=== Exercise ===
For the records that follow, please set down exactly the lines between the one holding "by exists (exist (fun" and the one holding "Definition brounds (L", inclusive, and only those.

=== Records from a data collection ===
Lemma represents_ext L I (st st' : I -> relD D) :
  (forall i, eqrel (st i) (st' i)) -> represents L (SForm st) -> represents L (SForm st').
Proof.
move=> E [H1 H2]; split => [i | r /H2[i Hi]].
- by have [r hr Hi] := H1 i; exists r => // x y /=; rewrite -E; apply: Hi.
- by exists i => x y /=; rewrite -E; apply: Hi.
Qed.

Lemma denb_union L x y : denb (bunion L) x y = has (fun r => denb r x y) L.
Proof.
rewrite /denb; case: (x ord0) => [a|]; last by elim: L.
by case: (y ord0) => [b|]; rewrite ?bget_mk ?ltn_ord //; elim: L.
Qed.

Lemma induced_represents L Z : represents L Z -> eqrel (induced Z) (den (bunion L)).
Proof.
case=> H1 H2 x y; rewrite /den denb_union; split.
- by case=> i /=; have [r hr /(_ x y) [Hi _]] := H1 i => /Hi h; apply/hasP; exists r.
- by case/hasP => r /H2[i Hi] /Hi h; exists i.
Qed.

Definition bmaximal (L : seq bmat) : seq bmat :=
  [seq r <- L | ~~ has (fun s => bsub r s && ~~ bsub s r) L].

Lemma represents_remove_subsumed L Z :
  represents L Z -> represents (bmaximal L) (remove_subsumed Z).
Proof.
case=> H1 H2; split.
- case=> i maxi /=; have [r hr Hi] := H1 i; exists r => //.
  rewrite mem_filter hr andbT; apply/hasP => -[s /H2[j Hj] /andP[hrs hsr]].
  apply: maxi; exists j; split; first exact/(incl_den Hi Hj).
  by move/(incl_den Hj Hi); apply/negP.
- move=> r; rewrite mem_filter => /andP[/hasPn maxr /H2[i Hi]].
  suff maxi : ~ exists j : sf_idx Z, strict_incl (sf_st i) (sf_st j).
    by exists (exist _ i maxi).
  case=> j [hij hji]; have [s hs Hj] := H1 j.
  apply/hji/(incl_den Hj Hi)/(contraNT _ (maxr s hs)) => hsr.
  by rewrite hsr andbT; apply/(incl_den Hi Hj).
Qed.

Definition compose_step (L C : seq bmat) : seq bmat :=
  undup (C ++ [seq bcomp r c | r <- L, c <- C]).
Definition bcompositions (L : seq bmat) (k : nat) : seq bmat := iter k (compose_step L) L.
Definition comp_closed (L C : seq bmat) : bool :=
  all (fun r => all (fun c => bcomp r c \in C) C) L.
Definition bopT (k : nat) (L : seq bmat) : seq bmat := bmaximal (bcompositions L k).

Lemma mem_bcompositions L k r : r \in L -> r \in bcompositions L k.
Proof.
move=> hr; elim: k => // k IH.
by rewrite /bcompositions iterS -/(bcompositions L _) mem_undup mem_cat IH.
Qed.

Lemma compose_seq1 I (st : I -> relD D) i : eqrel (compose_seq st [:: i]) (st i).
Proof. by move=> x y; split => [[z [h <-]] | h]; last exists y. Qed.

Lemma compose_seq_cons I (st : I -> relD D) i s r c :
  eqrel (st i) (den r) -> eqrel (compose_seq st s) (den c) ->
  eqrel (compose_seq st (i :: s)) (den (bcomp r c)).
Proof.
move=> Hi Hs x y; rewrite -den_comp.
by split => -[z [h1 h2]]; exists z; split; (apply/Hi || apply/Hs).
Qed.

Lemma represents_opT L Z k : represents L Z -> comp_closed L (bcompositions L k) ->
  represents (bopT k L) (opT Z).
Proof.
move=> [H1 H2] /allP closedC; apply: represents_remove_subsumed; split.
- case=> -[//|i s] _ /=; elim: s i => [|j s IH] i.
    have [r hr Hi] := H1 i; exists r; first exact: mem_bcompositions.
    by move=> x y; apply: iff_trans (compose_seq1 _ i x y) (Hi x y).
  have [c hc Hs] := IH j; have [r hr Hi] := H1 i.
  exists (bcomp r c); first exact: (allP (closedC r hr)).
  exact: (compose_seq_cons (s := j :: s) Hi Hs).
- suff Hcomp m c : c \in bcompositions L m ->
      exists s : {s : seq (sf_idx Z) | s <> [::]},
        eqrel (compose_seq (@sf_st _ Z) (sval s)) (den c).
    by move=> c /Hcomp.
  elim: m c => [|m IH] c.
    move=> /H2[i Hi]; have ne : [:: i] <> [::] by [].
    exists (exist (fun s => s <> [::]) _ ne) => x y.
    exact: iff_trans (compose_seq1 _ i x y) (Hi x y).
  rewrite /bcompositions iterS -/(bcompositions L _) mem_undup mem_cat.
  case/orP => [/IH // | /allpairsP[[r c'] /= [hr hc' ->]]].
  have [[s ?] Hs] := IH c' hc'; have [i Hi] := H2 r hr; have ne : i :: s <> [::] by [].
  by exists (exist (fun s => s <> [::]) _ ne); apply: compose_seq_cons.
Qed.

Definition bround (L : seq bmat) (r : bmat) : bmat :=
  bmk (fun a b => bget r a b && all (fun s => bimpl r s ==> ~~ bget s b a) L).
Definition brounds (L : seq bmat) : seq bmat := map (bround L) L.
Definition rounds_stable (L : seq bmat) : bool := all (fun r => bround L r == r) L.
Definition bopS (k : nat) (L : seq bmat) : seq bmat := bmaximal (iter k brounds L).

Lemma denb_round L r x y :
  denb (bround L r) x y = denb r x y && all (fun s => bimpl r s ==> ~~ denb s y x) L.
Proof.
rewrite /denb; case: (x ord0) => [a|] //; case: (y ord0) => [b|] //.
by rewrite bget_mk ?ltn_ord.
Qed.

Lemma den_round I (st : I -> relD D) L i r :
  represents L (SForm st) -> eqrel (st i) (den r) -> eqrel (S_round st i) (den (bround L r)).
Proof.
move=> [H1 H2] Hi x y; rewrite /S_round /den denb_round; split.
- case=> /Hi -> /= maxi; apply/allP => s /H2[j Hj]; apply/implyP.
  by move/(Impl_den Hi Hj)/maxi => h; apply/negP => /Hj.
- case/andP => /Hi hxy /allP maxi; split => // j; have [s hs Hj] := H1 j.
  by move/(Impl_den Hi Hj)/(implyP (maxi s hs))/negP => h /Hj.
Qed.

Lemma represents_round I (st : I -> relD D) L :
  represents L (SForm st) -> represents (brounds L) (SForm (S_round st)).
Proof.
move=> HL; case: (HL) => H1 H2; split => [i | _ /mapP[r /H2[i Hi] ->]].
- by have [r hr Hi] := H1 i; exists (bround L r); [exact: map_f | exact: den_round].
- by exists i; apply: den_round.
Qed.

Lemma represents_iter_round I (st : I -> relD D) L m :
  represents L (SForm st) -> represents (iter m brounds L) (SForm (iter m (@S_round D I) st)).
Proof. by move=> HL; elim: m => // m IH; rewrite !iterS; apply: represents_round. Qed.

Lemma iter_S_round_decr I (st : I -> relD D) m m' i x y :
  m <= m' -> iter m' (@S_round D I) st i x y -> iter m (@S_round D I) st i x y.
Proof.
by move=> /subnK <-; elim: (m' - m) => // k IH; rewrite addSn iterS => -[/IH].
Qed.

Lemma brounds_stable L : rounds_stable L -> brounds L = L.
Proof. by move=> /allP stable; rewrite -[RHS]map_id; apply/eq_in_map => r /stable/eqP. Qed.

Lemma iter_S_round_stable I (st : I -> relD D) L m :
  represents L (SForm st) -> rounds_stable L ->
  forall i, eqrel (iter m (@S_round D I) st i) (st i).
Proof.
move=> HL stable; elim: m => // m IH i x y.
have HLm : represents L (SForm (iter m (@S_round D I) st)).
  by rewrite -(iter_fix m (brounds_stable stable)); apply: represents_iter_round.
have [r hr Hi] := HLm.1 i.
apply: iff_trans (den_round HLm Hi x y) _; rewrite (eqP (allP stable r hr)).
exact: iff_trans (iff_sym (Hi x y)) (IH i x y).
Qed.

Lemma represents_opS L Z k : represents L Z -> rounds_stable (iter k brounds L) ->
  represents (bopS k L) (opS Z).
Proof.
move=> HL stable; apply: represents_remove_subsumed.
have HLk := represents_iter_round k (HL : represents L (SForm (@sf_st _ Z))).
apply: represents_ext (HLk) => i x y /=; split => [h m | /(_ k) //].
case: (leqP m k) => [hmk | /ltnW/subnK <-]; first exact: iter_S_round_decr hmk h.
by rewrite iterD; apply/(iter_S_round_stable (m - k) HLk stable).
Qed.

Definition oval (o : option 'I_n) : option nat := omap (@nat_of_ord n) o.

Definition atom_holds (ox oy : option nat) (t : atom discrete_tax) : bool :=
  match t with
  | XLe _ v => if ox is Some a then a == nat_of_ord v else false
  | XNle _ v => if ox is Some a then a != nat_of_ord v else false
  | YLe _ v => if oy is Some b then b == nat_of_ord v else false
  | YNle _ v => if oy is Some b then b != nat_of_ord v else false
  end.

Lemma atom_semE (t : atom discrete_tax) (x y : D) :
  atom_sem t x y <-> atom_holds (oval (x ord0)) (oval (y ord0)) t.
Proof.
case: t => i v; rewrite /= /holds_le /holds_nle (ord1 i) /=.
- by case: (x ord0) => [a|] //=; rewrite (rwP val_eqP).
- by case: (x ord0) => [a|] //=; rewrite (rwP val_eqP) (rwP negP).
- by case: (y ord0) => [b|] //=; rewrite (rwP val_eqP).
- by case: (y ord0) => [b|] //=; rewrite (rwP val_eqP) (rwP negP).
Qed.

Lemma clause_semE (c : clause discrete_tax) (x y : D) :
  clause_sem c x y <-> all (atom_holds (oval (x ord0)) (oval (y ord0))) c.
Proof.
rewrite /clause_sem; elim: c => [|t c IH] /=; first by split => // _ t [].
split => [H | /andP[/atom_semE ht /IH hc] t' [<- // | /hc //]].
by apply/andP; split; [apply/atom_semE/H; left | apply/IH => t' ht'; apply: H; right].
Qed.

Definition is_x_atom (t : atom discrete_tax) : bool :=
  if t is (XLe _ _ | XNle _ _) then true else false.
Definition two_sided (c : clause discrete_tax) : bool :=
  has is_x_atom c && ~~ all is_x_atom c.
Definition clause_mat (c : clause discrete_tax) : bmat :=
  bmk (fun a b => all (atom_holds (Some a) (Some b)) c).

Lemma atom_holds_undef_x c oy : has is_x_atom c -> all (atom_holds None oy) c = false.
Proof. by elim: c => //= -[] i v c IH //= /IH ->; rewrite andbF. Qed.

Lemma atom_holds_undef_y c ox : ~~ all is_x_atom c -> all (atom_holds ox None) c = false.
Proof. by elim: c => //= -[] i v c IH //= /IH ->; rewrite andbF. Qed.

Lemma den_clause_mat c : two_sided c -> eqrel (clause_sem c) (den (clause_mat c)).
Proof.
move=> /andP[hx hy] x y; rewrite clause_semE /den /denb.
case: (x ord0) => [a|] /=; last by rewrite atom_holds_undef_x.
case: (y ord0) => [b|] /=; last by rewrite atom_holds_undef_y.
by rewrite bget_mk ?ltn_ord.
Qed.

Definition simple_formula (F : formula discrete_tax) : bool :=
  all (fun p => if p is [:: c] then two_sided c && bnonempty (clause_mat c) else false) F.
Definition formula_mats (F : formula discrete_tax) : seq bmat :=
  [seq clause_mat (head [::] p) | p <- F].

Lemma statement_sem1 (c : clause discrete_tax) : eqrel (statement_sem [:: c]) (clause_sem c).
Proof. by move=> x y; split => [[_ [[<-|[]] //]] | h]; exists c; split; first left. Qed.

Lemma den_statement F (i : 'I_(size F)) : simple_formula F ->
  eqrel (statement_sem (nth [::] F i)) (den (clause_mat (head [::] (nth [::] F i)))).
Proof.
move=> /(all_nthP [::])/(_ i (ltn_ord i)).
case: (nth [::] F i) => [|c [|]] //= /andP[hc _] x y.
exact: iff_trans (statement_sem1 c x y) (den_clause_mat hc x y).
Qed.

Lemma represents_of_formula F : simple_formula F -> represents (formula_mats F) (of_formula F).
Proof.
move=> simF; split => [i | r].
- exists (clause_mat (head [::] (nth [::] F i))); last exact: den_statement.
  by rewrite -(nth_map [::] (clause_mat [::]) (fun p => clause_mat (head [::] p)))
    ?mem_nth ?size_map.
- case/(nthP (clause_mat [::])) => k; rewrite size_map => hk <-.
  by exists (Ordinal hk); rewrite (nth_map [::]) //; apply: den_statement.
Qed.

Lemma bnonempty_den r : bnonempty r -> exists x y, den r x y.
Proof.
by case/hasP => _ /dom_ord[a <-] /hasP[_ /dom_ord[b <-] h]; exists (tuple1 a), (tuple1 b).
Qed.

Lemma wf_simple_formula F : simple_formula F -> wf_formula F.
Proof.
elim: F => [_ p c [] | p F IH /andP[hp /IH hF] p' c [<- | hp']]; last exact: hF hp'.
case: p hp => [|c0 [|]] //= /andP[hc /bnonempty_den[x [y h]]] [<- | []].
by exists x, y; apply/(den_clause_mat hc).
Qed.

(* kT bounds the length of compositions, kS the number of rounds; the check
   includes that these suffice (closure under composition, stable rounds). *)
Definition bops_closed (kT kS : nat) (reachable : seq (seq bmat)) : bool :=
  all (fun L => [&& comp_closed L (bcompositions L kT), rounds_stable (iter kS brounds L),
                    has (seteq (bopT kT L)) reachable & has (seteq (bopS kS L)) reachable])
      reachable.

Lemma represents_apply_ops kT kS reachable X L Z :
  bops_closed kT kS reachable -> L \in reachable -> represents L Z ->
  exists2 L', L' \in reachable & represents L' (apply_ops X Z).
Proof.
move=> /allP closed; elim: X L Z => [|o X IH] L Z hL HL; first by exists L.
have /and4P[hT hS /hasP[LT hLT eqT] /hasP[LS hLS eqS]] := closed L hL.
case: o => /=; [apply: (IH LT) | apply: (IH LS)] => //.
- exact: represents_seteq (represents_opT HL hT) eqT.
- exact: represents_seteq (represents_opS HL hS) eqS.
Qed.

Lemma eqrel_strict_part P Q : eqrel P Q -> eqrel (strict_part P) (strict_part Q).
Proof. by move=> E x y; rewrite /strict_part !E. Qed.

Lemma represents_not_transitive L Z : represents L Z ->
  ~~ btransitive (bstrict (bunion L)) -> ~ transitive_rel (strict_part (induced Z)).
Proof.
move=> HL /negP ntrans Ztrans; apply/ntrans/den_transitive => x y z.
have E x' y' := iff_trans (iff_sym (den_strict _ x' y'))
                  (iff_sym (eqrel_strict_part (induced_represents HL) x' y')).
by move=> /E hxy /E hyz; apply/E/(Ztrans _ _ _ hxy hyz).
Qed.

Lemma opS_shrinks kS L Z : represents L Z -> rounds_stable (iter kS brounds L) ->
  ~~ bsub (bunion L) (bunion (bopS kS L)) -> ~ incl (induced Z) (induced (opS Z)).
Proof.
move=> HL hS /negP nsub.
by move/(incl_den (induced_represents HL) (induced_represents (represents_opS HL hS))).
Qed.

End DiscreteTaxonomy.

Lemma apply_ops_rcons (E : Type) X o (Z : sform E) :
  apply_ops (X ++ [:: o]) Z =
  match o with OpT => opT (apply_ops X Z) | OpS => opS (apply_ops X Z) end.
Proof. by rewrite /apply_ops; elim: X Z => [|o' X IH] Z //=. Qed.

Lemma contained_rcons_S X : contained (X ++ [:: OpS]) X.
Proof.
by move=> tx F _ x y; rewrite /pref apply_ops_rcons => -[[i _] /= /(_ 0)]; exists i.
Qed.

=== Response to this task ===
  by exists (exist (fun s => s <> [::]) _ ne); apply: compose_seq_cons.
Qed.

Definition bround (L : seq bmat) (r : bmat) : bmat :=
  bmk (fun a b => bget r a b && all (fun s => bimpl r s ==> ~~ bget s b a) L).
Definition brounds (L : seq bmat) : seq bmat := map (bround L) L.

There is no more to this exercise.